Le Nikon D1X, comme nous l’avons vu, tient parfaitement bien dans les mains, de par sa taille, et son poids respectable évitera les bougers intempestifs propres aux compacts trop légers.

La mise en route prend moins d’une demi-seconde (qu’on est loin des compacts!)et le déclenchement est digne d’un reflex argentique haut de gamme, avec une latence infinitésimale (0.058 secondes, qui doivent rendre « marteau » les possesseurs de certains compacts qui prennent une photo 2 secondes après le déclenchement).

Cette mise au point peut s’effectuer

  • en mode Continu et en ce cas, l’appareil est tout à fait capable, pour autant qu’on ait activé ce que Nikon appelle l’autofocus « dynamique » de suivre un sujet rapide, pour autant que l’utilisateur soit à même de viser correctement, ce qui, avec les longues focales, n’est pas toujours évident
  • en mode Ponctuel (on met au point sur un sujet statique) de deux manières: il est possible de demander à l’appareil de trouver tout seul la zone de mise au point sur le sujet le plus proche (toujours l’autofocus dynamique), de choisir nous-même (à l’aide du sélecteur en croix) la zone de mise au point désirée. Même si l’autofocus dynamique est excellent dans ces choix, je préfère personnellement travailler en mode ponctuel (mise au point au centre puis décalage du sujet par mes soins), qui gagne encore certainement quelques millièmes de seconde et qui fait TOUJOURS ce que vous voulez. Quel bonheur de toute manière de se retrouver avec un autofocus efficace, qui ne se trompe pratiquement jamais, et ce, et c’est important, même en basse lumière, sans l’aide de l’illuminateur du flash externe. Allez, je vous le conseille: ne touchez pas un appareil de cette catégorie (Nikon D1H, DX, Canon EOS 1 D), vous auriez l’impression en retouchant un appareil de milieu de gamme de tomber sur une éponge. Calcul de la lumière Ce n’est pas un Nikon et sa mesure matricielle 3D qui va me surprendre en mal, et le Nikon D1X ne faillit pas à la règle.
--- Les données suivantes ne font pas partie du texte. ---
(* Let $A$ be a primitive axial algebra of Jordan type $\tfrac12$ and let $a,b$ be distinct $\tfrac12$-axes such that $N=N_{a,b}$ has an identity element $\mathbf 1$ and $ab=-\tfrac14\mathbf 1+\tfrac12a+\tfrac12b$. Then, for $\{x,y\}=\{a,b\}$: (1) $\dim N=3$ and $x^{\tau(y)}=\mathbf 1-x$; (2) $N_{1/2}(x)=\mathbb F(\mathbf 1-2y)$; (3) $|\tau(a)\tau(b)|\in\{2,4\}$; (4) $|\tau(a)\tau(b)|=2$ if and only if $\tau(z)=\tau(\mathbf 1-z)$ for $z\in\{a,b\}$; (5) if $|\tau(a)\tau(b)|=4$ then $\tau(a)\tau(\mathbf 1-a)=\tau(b)\tau(\mathbf 1-b)=:t$ and the center of $\langle\tau(a),\tau(b)\rangle$ is $\langle t\rangle$; (6) $\mathbf 1-a$ and $\mathbf 1-b$ are $\tfrac12$-axes, and for all $u\in\{a,\mathbf 1-a\}$, $v\in\{b,\mathbf 1-b\}$ one has $uv=-\tfrac14\mathbf 1+\tfrac12u+\tfrac12v$ and $N_{u,v}=N$.
   Context: $\mathbb F$ is a field of characteristic $\neq 2$. For a commutative $\mathbb F$-algebra $A$, a subalgebra $N$, $x\in N$ and $\lambda\in\mathbb F$, put $N_\lambda(x)=\{y\in N: yx=\lambda y\}$ (and $A_\lambda(x)$ similarly). A $\tfrac12$-axis is an idempotent $a$ with $A=A_1(a)\oplus A_0(a)\oplus A_{1/2}(a)$, $A_1(a)=\mathbb F a$, and with $A_+(a)=A_1(a)\oplus A_0(a)$, $A_-(a)=A_{1/2}(a)$ satisfying $A_+A_+\subseteq A_+$, $A_+A_-\subseteq A_-$, $A_-A_-\subseteq A_+$, $A_0(a)A_0(a)\subseteq A_0(a)$. A primitive axial algebra of Jordan type $\tfrac12$ is a commutative algebra generated by $\tfrac12$-axes. The Miyamoto involution $\tau(a)$ is the automorphism acting as $1$ on $A_+(a)$ and $-1$ on $A_-(a)$. $N_{a,b}$ is the subalgebra generated by $a,b$; an identity element of $N$ is $\mathbf 1\in N$ with $\mathbf 1n=n$ for all $n\in N$. *)

From HB Require Import structures.
From mathcomp Require Import all_boot all_order all_algebra.
From Stdlib Require Import ClassicalEpsilon.
Set Implicit Arguments. Unset Strict Implicit. Unset Printing Implicit Defensive.
Import Order.TTheory GRing.Theory Num.Theory.
Local Open Scope ring_scope.

Definition comm_alg (F : fieldType) (A : lmodType F) (mul : A -> A -> A) :=
  (forall x y, mul x y = mul y x) /\
  (forall (c : F) x y z, mul (c *: x + y) z = c *: mul x z + mul y z).

Definition eigsp (F : fieldType) (A : lmodType F) (mul : A -> A -> A)
  (x : A) (lam : F) (y : A) : Prop := mul y x = lam *: y.

Definition sub_eigsp (F : fieldType) (A : lmodType F) (mul : A -> A -> A)
  (N : A -> Prop) (x : A) (lam : F) (y : A) : Prop := N y /\ mul y x = lam *: y.

Definition halfF (F : fieldType) : F := (2%:R)^-1.

Definition plus_part (F : fieldType) (A : lmodType F) (mul : A -> A -> A)
  (a y : A) : Prop :=
  exists y1 y0, y = y1 + y0 /\ eigsp mul a 1 y1 /\ eigsp mul a 0 y0.

Definition minus_part (F : fieldType) (A : lmodType F) (mul : A -> A -> A)
  (a y : A) : Prop := eigsp mul a (@halfF F) y.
Son capteur de 1005 pixels (une matrice de 67 segments verticaux sur 15 horizontaux) fait merveille, et je dois l’avouer (c’est sans doute une des nombreuses différences de l’amateur avec le pro), j’utilise extrêmement rarement l’exposition « pondérée centrale » ou « spot », tellement ce mode de mesure matricielle travaille bien.

Contre-jour difficile, la matrice fait son travail

Rappelons que la bonne gestion des lumières est encore plus importante en numérique, puisque les capteurs sont bien moins tolérants qu’un film négatif, ou même qu’un film dia, pourtant déjà plus sensible. Les hautes lumières sont très vite cramées, et si l’appareil ne fait pas un bon travail à l’origine, on ne pourra rien en sortir, même à partir d’un fichier Raw en 12 bits.

Et très franchement, il est difficile de prendre le D1X en défaut.

En prise de vue au flash néanmoins, comme je l’explique plus bas, j’ai toujours l’impression que l’image est par contre un poil sous-exposée. Rien de grave puisque cela se corrige sans problème.

Notez encore que le Nikon travaille avec deux espaces de couleurs: sRGB et AdobeRGB

Tailles des images

Le Nikon D1 X est doté d’un capteur de grande taille, 23.7 x 15.6 mm équivalent à peu près à un négatif APS. Les pixels, au nombre de 5.4 millions, se trouvent être fort à l’aise puisqu’ils ont de la place (pensez aux pauvres pixels des appareils 5MP qui tiennent sur des capteurs 1/1.8 pouces!).

Or, on le sait, plus les capteurs peuvent être gros, moins le bruit dans l’image est présent. Les tailles d’images suivantes sont disponibles:

3008 X 1960 pixels et 2000 X 1312 pixels qui correspondent à peu près à un rapport 1.5, comme le 24/36, ce qui nous donne des photos dans des formats plus habituels que les traditionnels 4/3 des compacts ou de certains appareils haut de gamme numériques (Olympus E-20 par exemple). Personnellement, j’en suis enchanté, n’ayant jamais pu m’habituer à ces photos un peu carrées.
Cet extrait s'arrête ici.